Either way, I'll just add on to what Big Dookie mentioned: picture the tent as a series of horizontal slices (for argument's sake, pretend there are 55 slices, each 1 inch high.) Each slice of the tent has a volume of Width * Length * Height - the very top slice might be 0 * 0 * 1, and the very bottom slice is 96 * 96 * 1. The rest of the slices are somewhere in between. If you add them all together, you get a good approximation of the total volume. So, all you need to do is figure out a function that best describes the width and length of a given slice.

For example, if you used a very simple equation for width and height, f(x) = x/55 * 96, with x running from 0 at the top to 55 at the bottom, your equation would describe a pyramid with no curvature at all. The volume of each slice would be f(x) * f(x) * 1.

It looks to me like the tent is close enough to a perfect dome that you could describe the curve of its width and length with sin(x). For example, you might say that the width and length of each slice are both f(x) = sin(Pi/2 * x/55) * 96 - where x runs from 0 at the top to 55 at the bottom. Again, f(x) * f(x) * 1 would be your total volume for each slice.

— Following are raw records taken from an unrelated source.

Lemma local_slope_uniq f x k1 k2 :
  local_slope f x k1 -> local_slope f x k2 -> k1 = k2.
Proof.
move=> [a1 [b1 [pa1 <- f1]]] [a2 [b2 [pa2 <- f2]]].
have [s1 [hs1 ps1 _]] := cylmap_extend (size a2 - size a1) pa1 f1.
have [s2 [hs2 ps2 _]] := cylmap_extend (size a1 - size a2) pa2 f2.
have e : a1 ++ s1 = a2 ++ s2 by apply: prefixb_inj ps1 ps2 _; rewrite !size_cat; lia.
have : size (b1 ++ s1) = size (b2 ++ s2).
  by apply: wcat_size => y; rewrite -(cylmap_cat s1 f1) -(cylmap_cat s2 f2) e.
rewrite !size_cat; lia.
Qed.

Lemma local_slope_germ f g x k : local_slope f x k -> local_slope g x k ->
  f x = g x -> locally_eq f g x.
Proof.
move=> [a1 [b1 [pa1 e1 f1]]] [a2 [b2 [pa2 e2 g2]]] fg.
have [s1 [hs1 ps1 qs1]] := cylmap_extend (size a2 - size a1) pa1 f1.
have [s2 [hs2 ps2 qs2]] := cylmap_extend (size a1 - size a2) pa2 g2.
have ea : a1 ++ s1 = a2 ++ s2 by apply: prefixb_inj ps1 ps2 _; rewrite !size_cat; lia.
have eb : b1 ++ s1 = b2 ++ s2.
  by apply: prefixb_inj qs1 _ _; rewrite ?fg // !size_cat; lia.
apply: (cylmap_locally_eq ps1 (cylmap_cat s1 f1)).
by rewrite ea eb; apply: cylmap_cat.
Qed.

Lemma local_slope_comp f g x k1 k2 :
  local_slope f x k1 -> local_slope g (f x) k2 -> local_slope (g \o f) x (k1 + k2)%R.
Proof.
move=> [a [b [pa <- hf]]] [c [d [pc <- hg]]].
have [s [hs ps qs]] := cylmap_extend (size c - size b) pa hf.
have [u [hu pu _]] := cylmap_extend (size b - size c) pc hg.
have e : b ++ s = c ++ u by apply: prefixb_inj qs pu _; rewrite !size_cat; lia.
exists (a ++ s), (d ++ u); split=> //; first by rewrite !size_cat; lia.
by move=> y /=; rewrite (cylmap_cat s hf) e (cylmap_cat u hg).
Qed.

Lemma local_slope_locally_eq f g x k : locally_eq f g x ->
  local_slope f x k -> local_slope g x k.
Proof.
move=> [n hn] [a [b [pa <- hf]]].
have [s [hs ps _]] := cylmap_extend n pa hf.
exists (a ++ s), (b ++ s); split=> //; first by rewrite !size_cat; lia.
move=> y; rewrite -(cylmap_cat s hf) hn //.
by apply: agree_le (agree_wcat y ps); rewrite size_cat hs leq_addl.
Qed.

Lemma iter_fixed (T : Type) (f : T -> T) x n : f x = x -> iter n f x = x.
Proof. by move=> fx; elim: n => //= n ->. Qed.

Lemma local_slope_iter f x k n : f x = x -> local_slope f x k ->
  local_slope (iter n f) x (n%:Z * k)%R.
Proof.
move=> fx hf; elim: n => [|n IH]; first by exists [::], [::]; rewrite mul0r.
have := local_slope_comp IH; rewrite iter_fixed // => /(_ _ _ hf).
rewrite -addn1 PoszD mulrDl mul1r addn1; apply.
Qed.

Lemma logslopeP v x : inV v -> local_slope v x (logslope v x).
Proof.
move=> Hv; rewrite /logslope; case: excluded_middle_informative => // H.
set p := proj1_sig _.
have [h1 _ h3] : V_data v p := proj2_sig (constructive_indefinite_description _ H).
have hp : has (fun q : word * word => prefixb q.1 x) p.
  by rewrite has_count; have := h1 x; rewrite count_map => ->.
set q := nth _ _ _; exists q.1, q.2; split=> //; first exact: (nth_find ([::], [::]) hp).
by move=> y; apply/h3/mem_nth; rewrite -has_find.
Qed.

Lemma Q2_zero : Q2 zero.
Proof. by exists 0. Qed.

Lemma Q2P x : Q2 x -> exists w, x = wcat w zero.
Proof.
move=> [N hN]; exists (mkseq x N); apply: functional_extensionality => i.
rewrite /wcat size_mkseq; case: ltnP => hi; first by rewrite nth_mkseq.
by rewrite hN.
Qed.

Lemma inV_Q2 v x : inV v -> Q2 x -> Q2 (v x).
Proof.
move=> Hv [N hN]; have [a [b [pa _ hv]]] := logslopeP x Hv.
rewrite (cylmap_apply pa hv); exists (size b + N) => n hn.
by rewrite /wcat ltnNge (leq_trans (leq_addr _ _) hn) /sdrop hN //; lia.
Qed.
(* Let $d\ge 1$, let $0<s_0<s_1$ and $0<\alpha_0<\alpha_1$, set $W=[s_0,s_1]\times[\alpha_0,\alpha_1]$, and let $g\in L^2_0(\mathbb{T}^d;\mathbb{C})$ with Fourier coefficients $(\hat g_k)_{k\in\mathbb{Z}^d}$. Define $\mathcal{S}:W\to\ell^2(\mathbb{Z}^d)$ by $$\mathcal{S}(s,\alpha)=\Big(\frac{\alpha}{\alpha+|k|^{2s}}\,\hat g_k\Big)_{k\in\mathbb{Z}^d}.$$ Then $\mathcal{S}$ is twice Fréchet differentiable on $W$ (in particular continuous). For $h_1,h_2\in\mathbb{R}$ its partial derivatives up to order two are given by $\partial_s\mathcal{S}(s,\alpha)[h_1]=h_1\partial_s\mathcal{S}(s,\alpha)$, $\partial_s^2\mathcal{S}(s,\alpha)[h_1,h_2]=h_1h_2\partial_s^2\mathcal{S}(s,\alpha)$, $\partial_\alpha\mathcal{S}(s,\alpha)[h_1]=h_1\partial_\alpha\mathcal{S}(s,\alpha)$, $\partial_\alpha^2\mathcal{S}(s,\alpha)[h_1,h_2]=h_1h_2\partial_\alpha^2\mathcal{S}(s,\alpha)$, $\partial_{\alpha,s}\mathcal{S}(s,\alpha)[h_1,h_2]=h_1h_2\partial_{\alpha,s}\mathcal{S}(s,\alpha)$, where the following sequences are indexed by $k\in\mathbb{Z}^d\setminus\{0\}$ (the $k=0$ entries being $0$): $$\partial_s\mathcal{S}(s,\alpha)=\Big(-\frac{2\alpha|k|^{2s}\ln|k|}{(|k|^{2s}+\alpha)^2}\hat g_k\Big)_k,\qquad \partial_s^2\mathcal{S}(s,\alpha)=\Big(\frac{4\alpha|k|^{2s}(\ln|k|)^2(|k|^{2s}-\alpha)}{(\alpha+|k|^{2s})^3}\hat g_k\Big)_k,$$ $$\partial_\alpha\mathcal{S}(s,\alpha)=\Big(\frac{|k|^{2s}}{(|k|^{2s}+\alpha)^2}\hat g_k\Big)_k,\qquad \partial_\alpha^2\mathcal{S}(s,\alpha)=\Big(\frac{-2|k|^{2s}}{(|k|^{2s}+\alpha)^3}\hat g_k\Big)_k,$$ $$\partial_{\alpha,s}\mathcal{S}(s,\alpha)=\Big(\frac{-2|k|^{2s}\ln|k|\,(|k|^{2s}-\alpha)}{(|k|^{2s}+\alpha)^3}\hat g_k\Big)_k.$$
   Context: $\mathbb{T}^d=\mathbb{R}^d/(2\pi\mathbb{Z})^d$; $L^2_0(\mathbb{T}^d;\mathbb{C})$ denotes the square-integrable complex functions with zero mean. With $\varphi^k(x)=e^{ik\cdot x}$, the Fourier coefficients are $\hat u_k=(u,\varphi^k)_{L^2}=\int_{\mathbb{T}^d}u\,\overline{\varphi^k}\,dx$, so that $u=(2\pi)^{-d}\sum_k\hat u_k\varphi^k$. The convention $|0|^{2s}=0$ is used, so the $k=0$ entry of $\mathcal{S}(s,\alpha)$ is $\hat g_0=0$. $\mathcal{S}(s,\alpha)$ is the Fourier coefficient sequence of the solution $u$ of $(-\Delta)^s u+\alpha u=\alpha g$. *)

From HB Require Import structures.
From mathcomp Require Import all_boot all_order all_algebra.
From mathcomp Require Import all_classical all_reals all_analysis.
From mathcomp Require Import complex.
Set Implicit Arguments. Unset Strict Implicit. Unset Printing Implicit Defensive.
Import Order.TTheory GRing.Theory Num.Theory.
Local Open Scope complex_scope.
Local Open Scope ring_scope.
Local Open Scope classical_set_scope.

Definition freq (d : nat) := 'rV[int]_d.

Section Defs.
Variable R : realType.

Definition knorm (d : nat) (k : freq d) : R :=
  Num.sqrt (\sum_(i < d) ((k ord0 i)%:~R : R) ^+ 2).

Definition cmod2 (z : R[i]) : R := (complex.Re z) ^+ 2 + (complex.Im z) ^+ 2.

Definition l2norm2 (d : nat) (u : freq d -> R[i]) : \bar R :=
  (\esum_(k in [set: freq d]) (cmod2 (u k))%:E)%E.

Definition in_l2 (d : nat) (u : freq d -> R[i]) : Prop := (l2norm2 u < +oo)%E.

(* l^2 norm (meaningful for u in l^2) *)
Definition l2norm (d : nat) (u : freq d -> R[i]) : R := Num.sqrt (fine (l2norm2 u)).

Definition nrm2 (h : R * R) : R := Num.sqrt (h.1 ^+ 2 + h.2 ^+ 2).

Definition shift (p h : R * R) : R * R := (p.1 + h.1, p.2 + h.2).

(* The map S(s, alpha) = (alpha / (alpha + |k|^{2s}) ghat_k)_k.
   powR 0 x = 0 for x <> 0, matching the convention |0|^{2s} = 0. *)
Definition Ssol (d : nat) (g : freq d -> R[i]) (p : R * R) : freq d -> R[i] :=
  fun k => ((p.2 / (p.2 + knorm k `^ (2 * p.1)))%:C * g k).

Definition dS_s (d : nat) (g : freq d -> R[i]) (p : R * R) : freq d -> R[i] :=
  fun k => if k == 0 then 0 else
    let x := knorm k `^ (2 * p.1) in let a := p.2 in
    ((- (2 * a * x * ln (knorm k)) / (x + a) ^+ 2)%:C * g k).

Definition dS_ss (d : nat) (g : freq d -> R[i]) (p : R * R) : freq d -> R[i] :=
  fun k => if k == 0 then 0 else
    let x := knorm k `^ (2 * p.1) in let a := p.2 in
    ((4 * a * x * (ln (knorm k)) ^+ 2 * (x - a) / (a + x) ^+ 3)%:C * g k).

Definition dS_a (d : nat) (g : freq d -> R[i]) (p : R * R) : freq d -> R[i] :=
  fun k => if k == 0 then 0 else
    let x := knorm k `^ (2 * p.1) in let a := p.2 in
    ((x / (x + a) ^+ 2)%:C * g k).

Definition dS_aa (d : nat) (g : freq d -> R[i]) (p : R * R) : freq d -> R[i] :=
  fun k => if k == 0 then 0 else
    let x := knorm k `^ (2 * p.1) in let a := p.2 in
    ((- 2 * x / (x + a) ^+ 3)%:C * g k).

Definition dS_as (d : nat) (g : freq d -> R[i]) (p : R * R) : freq d -> R[i] :=
  fun k => if k == 0 then 0 else
    let x := knorm k `^ (2 * p.1) in let a := p.2 in
    ((- 2 * x * ln (knorm k) * (x - a) / (x + a) ^+ 3)%:C * g k).

(* F : R^2 -> l^2 is Frechet differentiable within W at p with derivative
   the bounded linear map DF(p)[h] = h1 * A + h2 * B (A, B in l^2):
   || F(p+h) - F(p) - (h1 A + h2 B) || = o(|h|) as h -> 0 with p + h in W. *)
Definition frechet_within (d : nat) (W : set (R * R)) (F : R * R -> freq d -> R[i])
    (p : R * R) (A B : freq d -> R[i]) : Prop :=
  in_l2 A /\ in_l2 B /\
  forall e : R, 0 < e -> exists2 delta : R, 0 < delta &
    forall h : R * R, W (shift p h) -> nrm2 h < delta ->
      in_l2 (fun k => F (shift p h) k - F p k - (h.1%:C * A k + h.2%:C * B k)) /\
      l2norm (fun k => F (shift p h) k - F p k - (h.1%:C * A k + h.2%:C * B k))
        <= e * nrm2 h.

(* The first derivative DF : W -> L(R^2, l^2), DF(q)[k] = k1 A(q) + k2 B(q), is
   Frechet differentiable within W at p with second derivative
   D2F(p)[h][k] = h1 k1 Css + (h1 k2 + h2 k1) Csa + h2 k2 Caa, i.e.
   || DF(p+h) - DF(p) - D2F(p)[h] ||_{op} = o(|h|); the operator-norm bound
   ||T||_op <= c is written out as ||T k|| <= c |k| for all k in R^2. *)
Definition frechet2_within (d : nat) (W : set (R * R))
    (A B : R * R -> freq d -> R[i]) (p : R * R)
    (Css Csa Caa : freq d -> R[i]) : Prop :=
  in_l2 Css /\ in_l2 Csa /\ in_l2 Caa /\
  forall e : R, 0 < e -> exists2 delta : R, 0 < delta &
    forall h : R * R, W (shift p h) -> nrm2 h < delta ->
      forall k : R * R,
        let T := fun j =>
          k.1%:C * (A (shift p h) j - A p j) + k.2%:C * (B (shift p h) j - B p j)
          - ((h.1 * k.1)%:C * Css j + (h.1 * k.2 + h.2 * k.1)%:C * Csa j
             + (h.2 * k.2)%:C * Caa j) in
        in_l2 T /\ l2norm T <= e * nrm2 h * nrm2 k.

End Defs.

If the tent isn't really particularly dome-like after all, you might mess around with other curves that look similar (square root might be closer than sine, actually.) The only "rule" to the equation you come up with is that plugging in 0 for x should give 0, and plugging in 55 for x should give 96 (based on the dimensions you gave.) A value in-between should give values in between.

Out of curiousity, what level of calc is this for? Your question doesn't make it clear if you're used to solving these problems with sums or integrals or some other method.

mysticdemon

yes, the tent is rounded at the top. It looks pretty darn close to the tent Vrtra Theory posted. I thought about the slices thing i just haven't had a whole lot of time to figure it totally out. I am in a high school calc class if that helps so we probly have just gone over some very basic stuff I'm assuming. I was thinking something like a three-dimensional Lram, Rram, or Mram thing but i kind of messed up on that. Thanks for your input i will look check 'em out to see if i can figure this thing out.